Even assuming plaintiff is a shareholder (a question which is before the independent calendar court assigned to the involuntary dissolution action), plaintiff fails to show that VBC is in danger of cessation or dissipation of its assets. Plaintiff maintains that the VBC has refused to hold annual shareholder meetings and has not provided past minutes of director and shareholder meetings or corporate and financial documents and information. (Mamolo Decl. ¶ 18, 19, 24.) According to plaintiff, VBC has appointed Ritta Terzuolo and Rebecca Terzuolo as officers without plaintiff’s consent. (Mamolo Decl. ¶ 20 & Ex. C.) While plaintiff seeks to have input in the operation of VBC and increase transparency, plaintiff does not show that VBC’s property is in danger of dissipation or in need of preservation.

 

Plaintiff argued in the motion that an employee named VBC and its managers for employment and wage and hour claims. (Salvato Decl. ¶ 9 & Ex. G.) Even though plaintiff was named as a defendant, the case has since settled. (Hofman Decl. ¶ 7; Salvato Reply Decl. ¶¶ 3, 4.)

 

Plaintiff also objects to Roger Terzuolo and VBC’s having filed a lawsuit against Frank Romano and Frank Romano, Inc. without her authorization. (Mamolo Decl. ¶ 31; Salvato Decl. ¶ 8 & Ex.
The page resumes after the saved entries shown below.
(* Let $n\ge1$ and let $\phi,\psi$ be characters of $S_n$. Then $d_\phi^{S_n}(A)=d_\psi^{S_n}(A)$ for every $A\in\mathbb S_n(\mathbb C)$ if and only if $\phi=\psi$.
   Context: A character of a group $G\le S_n$ is a function $g\mapsto\operatorname{tr}(\rho(g))$ for some homomorphism $\rho:G\to GL_m(\mathbb C)$, $m\ge1$. $\mathbb S_n(\mathbb C)$ is the set of complex symmetric $n\times n$ matrices. For $\chi:S_n\to\mathbb C$, $d_\chi^{S_n}(A)=\sum_{\sigma\in S_n}\chi(\sigma)\prod_{i=1}^n A_{i\,\sigma(i)}$. *)

From HB Require Import structures.
From mathcomp Require Import all_boot all_order all_algebra all_fingroup.
From mathcomp Require Import mxrepresentation.
Set Implicit Arguments. Unset Strict Implicit. Unset Printing Implicit Defensive.
Import GRing.Theory Num.Theory.
Local Open Scope ring_scope.

Definition is_Sn_character (C : numClosedFieldType) (n : nat)
    (chi : {perm 'I_n} -> C) : Prop :=
  exists (m : nat) (rG : mx_representation C [set: {perm 'I_n}]%G m.+1),
    forall s : {perm 'I_n}, chi s = \tr (rG s).

Definition dSn (C : numClosedFieldType) (n : nat)
    (chi : {perm 'I_n} -> C) (A : 'M[C]_n) : C :=
  \sum_(s : {perm 'I_n}) chi s * \prod_(i < n) A i (s i).

From HB Require Import structures.
From mathcomp Require Import all_boot all_order all_algebra all_fingroup.
From mathcomp Require Import mxrepresentation.
Set Implicit Arguments. Unset Strict Implicit. Unset Printing Implicit Defensive.
Import GRing.Theory Num.Theory.

(* Characters are class functions, and two permutations whose undirected
   functional graphs {x, s x} coincide have the same cycles, hence are
   conjugate. Evaluating d_chi at the symmetric 0/1 adjacency matrix of the
   graph of s gives the sum of chi over all t whose graph is contained in that
   of s. So if d_phi and d_psi agree on symmetric matrices, Moebius inversion
   over inclusion of graphs shows that phi - psi sums to zero over each class
   {t | graph t = graph s}; as phi - psi is constant on that nonempty class,
   phi = psi. *)

Section SameCyclesConjugate.
Variable T : finType.
Implicit Types s t : {perm T}.

Definition cycle_base s x := odflt x [pick y in porbit s x].

Lemma cycle_base_porbit s x : cycle_base s x \in porbit s x.
Proof.
by rewrite /cycle_base; case: pickP => [y ->|/(_ x)]; rewrite ?porbit_id.
Qed.

Lemma eq_cycle_base s t x y :
  porbit s x = porbit t y -> cycle_base s x = cycle_base t y.
Proof.
rewrite /cycle_base => E; rewrite E; case: pickP => // nyP.
by have := nyP y; rewrite porbit_id.
Qed.

Lemma porbit_cycle_base s x : porbit s (cycle_base s x) = porbit s x.
Proof. by apply/eqP; rewrite eq_porbit_mem cycle_base_porbit. Qed.

Lemma porbit_iter s j x : porbit s (iter j s x) = porbit s x.
Proof. by rewrite -permX porbit_perm. Qed.

Lemma iter_mod_porbit s j x : iter j s x = iter (j %% #|porbit s x|) s x.
Proof.
rewrite {1}(divn_eq j #|porbit s x|) addnC iterD; congr (iter _ _ _).
by elim: (j %/ _) => //= q IHq; rewrite mulSn iterD IHq iter_porbit.
Qed.

Lemma iter_porbit_inj s x i j :
  i < #|porbit s x| -> j < #|porbit s x| -> iter i s x = iter j s x -> i = j.
Proof.
move=> ltik ltjk eq_ij; apply/eqP.
rewrite -(nth_uniq x (s := traject s x #|porbit s x|)) ?size_traject //.
  by rewrite !nth_traject // eq_ij.
exact: uniq_traject_porbit.
Qed.

Definition cycle_index s x :=
  index x (traject s (cycle_base s x) #|porbit s x|).

Lemma cycle_indexP s x :
  cycle_index s x < #|porbit s x| /\
  iter (cycle_index s x) s (cycle_base s x) = x.
Proof.
have x_traj : x \in traject s (cycle_base s x) #|porbit s x|.
  by rewrite -porbit_cycle_base -porbit_traject porbit_cycle_base porbit_id.
have lt_ik : cycle_index s x < #|porbit s x|.
  by rewrite -[X in _ < X](size_traject s (cycle_base s x)) index_mem.
by split; rewrite // -(nth_traject _ lt_ik) nth_index.
Qed.

Lemma cycle_index_iter s j x :
  cycle_index s (iter j s (cycle_base s x)) = j %% #|porbit s x|.
Proof.
set y := iter j s _; have Ey : porbit s y = porbit s x.
  by rewrite porbit_iter porbit_cycle_base.
have [lt_yk yE] := cycle_indexP s y.
rewrite Ey (eq_cycle_base Ey) in lt_yk yE.
apply: (@iter_porbit_inj s (cycle_base s x)); rewrite ?porbit_cycle_base //.
  by rewrite ltn_pmod // lt0n card_porbit_neq0.
by rewrite yE /y (iter_mod_porbit s) porbit_cycle_base.
Qed.

(* Maps the [s]-cycle of [x] onto the [t]-cycle with the same support, matching
   base points; it conjugates [s] into [t]. *)
Definition cycle_transport s t x := iter (cycle_index s x) t (cycle_base s x).

Lemma cycle_transport_iter s t j x :
    (forall y, porbit t y = porbit s y) ->
  cycle_transport s t (iter j s (cycle_base s x)) = iter j t (cycle_base s x).
Proof.
move=> same_cycles.
have Eb : porbit s (iter j s (cycle_base s x)) = porbit s x.
  by rewrite porbit_iter porbit_cycle_base.
rewrite /cycle_transport cycle_index_iter (eq_cycle_base Eb).
by rewrite [RHS](iter_mod_porbit t) same_cycles porbit_cycle_base.
Qed.

Variables s t : {perm T}.
Hypothesis same_cycles : forall x, porbit t x = porbit s x.

Lemma cycle_transport_comm x :
  cycle_transport s t (s x) = t (cycle_transport s t x).
Proof.
have [_ xE] := cycle_indexP s x.
by rewrite -{1}xE -iterS cycle_transport_iter.
Qed.

Lemma cycle_transportK : cancel (cycle_transport s t) (cycle_transport t s).
Proof.
move=> x; have [_ xE] := cycle_indexP s x.
have same_base : cycle_base s x = cycle_base t x by apply: eq_cycle_base.
rewrite [cycle_transport s t x]/cycle_transport same_base.
by rewrite cycle_transport_iter -?same_base // => y; rewrite same_cycles.
Qed.

Lemma conjg_same_porbits : exists g : {perm T}, t = (s ^ g)%g.
Proof.
pose g := perm (can_inj cycle_transportK).
have gE : g =1 cycle_transport s t by apply: permE.
exists g; apply/permP => x.
by rewrite /conjg !permM gE cycle_transport_comm -gE permKV.
Qed.

End SameCyclesConjugate.

Section PermGraph.
Variable T : finType.
Implicit Types s t : {perm T}.

Definition perm_graph s := [set p : T * T | (s p.1 == p.2) || (s p.2 == p.1)].

Lemma perm_graph_sym s x y :
  ((x, y) \in perm_graph s) = ((y, x) \in perm_graph s).
Proof. by rewrite !inE orbC. Qed.

Lemma perm_graph_subP s t :
  reflect (forall x, (x, t x) \in perm_graph s)
          (perm_graph t \subset perm_graph s).
Proof.
apply: (iffP subsetP) => [sub_ts x | t_s [x y]].
  by rewrite sub_ts ?inE ?eqxx.
by rewrite inE /= => /orP[] /eqP <-; rewrite // perm_graph_sym.
Qed.

Lemma perm_graph_porbit_sub s t :
  perm_graph t \subset perm_graph s -> forall x, porbit t x \subset porbit s x.
Proof.
move=> /perm_graph_subP t_s x; apply/subsetP => _ /porbitP[i ->]; rewrite permX.
have s_porbit y : s y \in porbit s y by have := mem_porbit s 1 y; rewrite expg1.
have step y : t y \in porbit s y.
  have := t_s y; rewrite inE /= => /orP[] /eqP sy.
    by rewrite -sy s_porbit.
  by rewrite porbit_sym -{1}sy.
elim: i => [|i IHi]; first exact: porbit_id.
have /eqP <- : porbit s (iter i t x) == porbit s x by rewrite eq_porbit_mem.
by rewrite iterS step.
Qed.

Lemma conjg_eq_perm_graph s t :
  perm_graph t = perm_graph s -> exists g, t = (s ^ g)%g.
Proof.
move=> eq_ts; apply: conjg_same_porbits => x.
by apply/eqP; rewrite eqEsubset !perm_graph_porbit_sub ?eq_ts.
Qed.

End PermGraph.

Local Open Scope ring_scope.

Lemma sum_fiber_eq0 (I U : finType) (V : zmodType)
    (key : I -> {set U}) (F : I -> V) :
    (forall i, \sum_(j | key j \subset key i) F j = 0) ->
  forall i, \sum_(j | key j == key i) F j = 0.
Proof.
move=> sum_sub0 i; have [N] := ubnP #|key i|; elim: N i => // N IHN i.
rewrite ltnS => le_key_N.
have sum_proper0 (K : {set U}) :
    K \proper key i -> \sum_(j | key j == K) F j = 0.
  move=> ltK; have [j0 /eqP keyj0 | no_j] := pickP (fun j => key j == K).
    rewrite -keyj0 in ltK *.
    exact: IHN (leq_trans (proper_card ltK) le_key_N).
  by apply: big1 => j keyj; move: (no_j j); rewrite keyj.
rewrite -[RHS](sum_sub0 i) [RHS](bigID (fun j => key j \proper key i)) /=.
rewrite [X in X + _](partition_big key (fun K => K \proper key i)); last first.
  by move=> j /andP[].
rewrite [X in X + _]big1 ?add0r => [|K ltK]; last first.
  rewrite -[RHS](sum_proper0 K ltK); apply: eq_bigl => j.
  by case: eqP => [->|]; rewrite ?andbF // ltK proper_sub.
apply: eq_bigl => j; rewrite properEneq negb_and negbK andb_orr andbN orbF.
by case: eqP => [->|_]; rewrite ?subxx ?andbF.
Qed.

Lemma mxtrace_repr_conjg (F : fieldType) (gT : finGroupType) (G : {group gT}) n
    (rG : mx_representation F G n) :
  {in G &, forall x y, \tr (rG (x ^ y)%g) = \tr (rG x)}.
Proof.
move=> x y Gx Gy; rewrite /conjg !repr_mxM ?groupM ?groupV //.
by rewrite mxtrace_mulC -mulmxA -repr_mxM ?groupV // mulgV repr_mx1 mulmx1.
Qed.

Lemma Sn_character_conjg (C : numClosedFieldType) n (chi : {perm 'I_n} -> C) :
  is_Sn_character chi -> forall s g, chi (s ^ g)%g = chi s.
Proof. by move=> [m [rG chiE]] s g; rewrite !chiE mxtrace_repr_conjg ?inE. Qed.

Definition perm_graph_mx (R : pzSemiRingType) n (s : {perm 'I_n}) : 'M[R]_n :=
  \matrix_(i, j) ((i, j) \in perm_graph s)%:R.

Lemma tr_perm_graph_mx (R : pzSemiRingType) n (s : {perm 'I_n}) :
  (perm_graph_mx R s)^T = perm_graph_mx R s.
Proof. by apply/matrixP => i j; rewrite !mxE perm_graph_sym. Qed.

Lemma prod_perm_graph_mx (R : comPzSemiRingType) n (s t : {perm 'I_n}) :
  \prod_i perm_graph_mx R s i (t i) = (perm_graph t \subset perm_graph s)%:R.
Proof.
case: perm_graph_subP => [t_s | not_t_s].
  by apply: big1 => i _; rewrite mxE t_s.
have [i /negbTE t_i_s] : exists i, (i, t i) \notin perm_graph s.
  apply/existsP; rewrite -negb_forall.
  by apply: contra_notN not_t_s => /forallP.
by rewrite (bigD1 i) //= mxE t_i_s mul0r.
Qed.

Lemma dSn_perm_graph_mx (C : numClosedFieldType) n (chi : {perm 'I_n} -> C) s :
  dSn chi (perm_graph_mx C s) =
  \sum_(t | perm_graph t \subset perm_graph s) chi t.
Proof.
rewrite /dSn [RHS]big_mkcond; apply: eq_bigr => t _.
by rewrite prod_perm_graph_mx; case: ifP; rewrite ?mulr1 ?mulr0.
Qed.

Theorem mainTheorem9 (C : numClosedFieldType) (n : nat) (hn : (0 < n)%N)
    (phi psi : {perm 'I_n} -> C) :
  is_Sn_character phi -> is_Sn_character psi ->
  ((forall A : 'M[C]_n, A^T = A -> dSn phi A = dSn psi A) <-> phi =1 psi).
Proof.
move=> phi_char psi_char; split=> [eq_d s | eq_phi_psi A _]; last first.
  by apply: eq_bigr => s _; rewrite eq_phi_psi.
pose F t := phi t - psi t.
have sum_sub_F t : \sum_(u | perm_graph u \subset perm_graph t) F u = 0.
  by rewrite sumrB -!dSn_perm_graph_mx eq_d ?subrr ?tr_perm_graph_mx.
have F_const t : perm_graph t == perm_graph s -> F t = F s.
  by move=> /eqP/conjg_eq_perm_graph[g ->]; rewrite /F !Sn_character_conjg.
have := sum_fiber_eq0 sum_sub_F s; rewrite (eq_bigr _ F_const) sumr_const.
move=> /eqP; rewrite mulrn_eq0 subr_eq0 eqn0Ngt => /orP[|/eqP //].
by case/negP; apply/card_gt0P; exists s; apply: eqxx.
Qed.
Lemma norm_pq_onto w r : 0 <= w -> norm_pq (w, 0) <= r ->
  exists2 u, 0 <= u & norm_pq (w, u) = r.
Proof.
move=> w_ge0 r_ge; have r_ge0 : 0 <= r := le_trans (norm_pq_ge0 _) r_ge.
(* norm_pq (w, u) = r is the quadratic equation a2 u^2 + 2 b u + c = 0 *)
set a2 := 1 + tau ^+ 2; set b := (1 - tau ^+ 2) * w.
set c := (1 + tau ^+ 2) * w ^+ 2 - 4 * tau ^+ 2 * r ^+ 2.
have a2_gt0 : 0 < a2 by [].
have b_ge0 : 0 <= b by rewrite mulr_ge0.
have c_le0 : c <= 0.
  move: r_ge; rewrite /norm_pq /= subr0 addr0 -(ger0_norm r_ge0) -sqrtr_sqr.
  rewrite ler_sqrt ?sqr_ge0 // -subr_le0 => le_r.
  have -> : c = 4 * tau ^+ 2 * ((w / 2) ^+ 2 + (w / (2 * tau)) ^+ 2 - r ^+ 2).
    by rewrite /c; field.
  by rewrite pmulr_rle0 // mulr_gt0.
set D := b ^+ 2 - a2 * c.
have D_ge : b ^+ 2 <= D by rewrite /D lerDl oppr_ge0 pmulr_rle0.
have D_ge0 : 0 <= D := le_trans (sqr_ge0 _) D_ge.
set u := (- b + Num.sqrt D) / a2.
have b_le : b <= Num.sqrt D by rewrite -(ger0_norm b_ge0) -sqrtr_sqr ler_wsqrtr.
exists u; first by apply: divr_ge0; [rewrite addrC subr_ge0 | exact: ltW].
have root : a2 * u ^+ 2 + 2 * b * u + c = 0.
  have -> : a2 * u ^+ 2 + 2 * b * u + c = (Num.sqrt D ^+ 2 - D) / a2.
    by rewrite /u /D; field; rewrite gt_eqF.
  by rewrite sqr_sqrtr // subrr mul0r.
rewrite /norm_pq /= -[r]ger0_norm // -sqrtr_sqr; congr Num.sqrt; apply/eqP.
rewrite -subr_eq0 (_ : _ - _ = (a2 * u ^+ 2 + 2 * b * u + c) / (4 * tau ^+ 2)).
  by rewrite root mul0r.
by rewrite /a2 /b /c; field.
Qed.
F.) Plaintiff also presents evidence that VBC may be uninsured. (Mamolo Decl. ¶ 26; Salvato Reply Decl.  ¶¶ 13-15 & Ex. 3.) However, the filing of a lawsuit and the non-payment of a premium do not demonstrate that VBC is in danger of ceasing business. With respect to the insurance policy, Rowena Hofman, VBC’s current controller in charge of accounting and bookkeeping, appears to be overseeing the reduction of VBC’s debts which accumulated under the oversight of Ugo Mamolo. (Hofman Decl. ¶¶ 5, 9.)

 

In sum, plaintiff fails to show why the Court should order the drastic remedy of a receiver. The motion for appointment of a receiver is DENIED.